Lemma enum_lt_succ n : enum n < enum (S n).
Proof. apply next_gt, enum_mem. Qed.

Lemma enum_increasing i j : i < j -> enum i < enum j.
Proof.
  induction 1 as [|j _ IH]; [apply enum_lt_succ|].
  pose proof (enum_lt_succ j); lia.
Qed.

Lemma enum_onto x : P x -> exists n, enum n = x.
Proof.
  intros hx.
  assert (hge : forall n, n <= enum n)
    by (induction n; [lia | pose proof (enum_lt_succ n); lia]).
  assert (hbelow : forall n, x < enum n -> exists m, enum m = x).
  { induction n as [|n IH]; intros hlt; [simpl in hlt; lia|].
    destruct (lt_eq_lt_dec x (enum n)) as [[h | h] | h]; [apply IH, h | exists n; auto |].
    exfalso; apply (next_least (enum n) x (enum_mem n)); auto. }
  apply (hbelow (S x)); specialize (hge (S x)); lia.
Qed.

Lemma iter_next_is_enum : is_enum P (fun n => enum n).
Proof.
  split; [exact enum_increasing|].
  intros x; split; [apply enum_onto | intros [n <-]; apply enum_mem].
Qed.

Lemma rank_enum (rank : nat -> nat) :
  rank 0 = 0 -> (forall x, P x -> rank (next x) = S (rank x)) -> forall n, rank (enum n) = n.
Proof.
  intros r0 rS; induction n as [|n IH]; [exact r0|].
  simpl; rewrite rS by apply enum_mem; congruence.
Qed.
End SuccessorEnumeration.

-=-=-=-=-

### Prompt
Where a line above includes "auto", copy that line.

### Response
    destruct (lt_eq_lt_dec x (enum n)) as [[h | h] | h]; [apply IH, h | exists n; auto |].
    exfalso; apply (next_least (enum n) x (enum_mem n)); auto. }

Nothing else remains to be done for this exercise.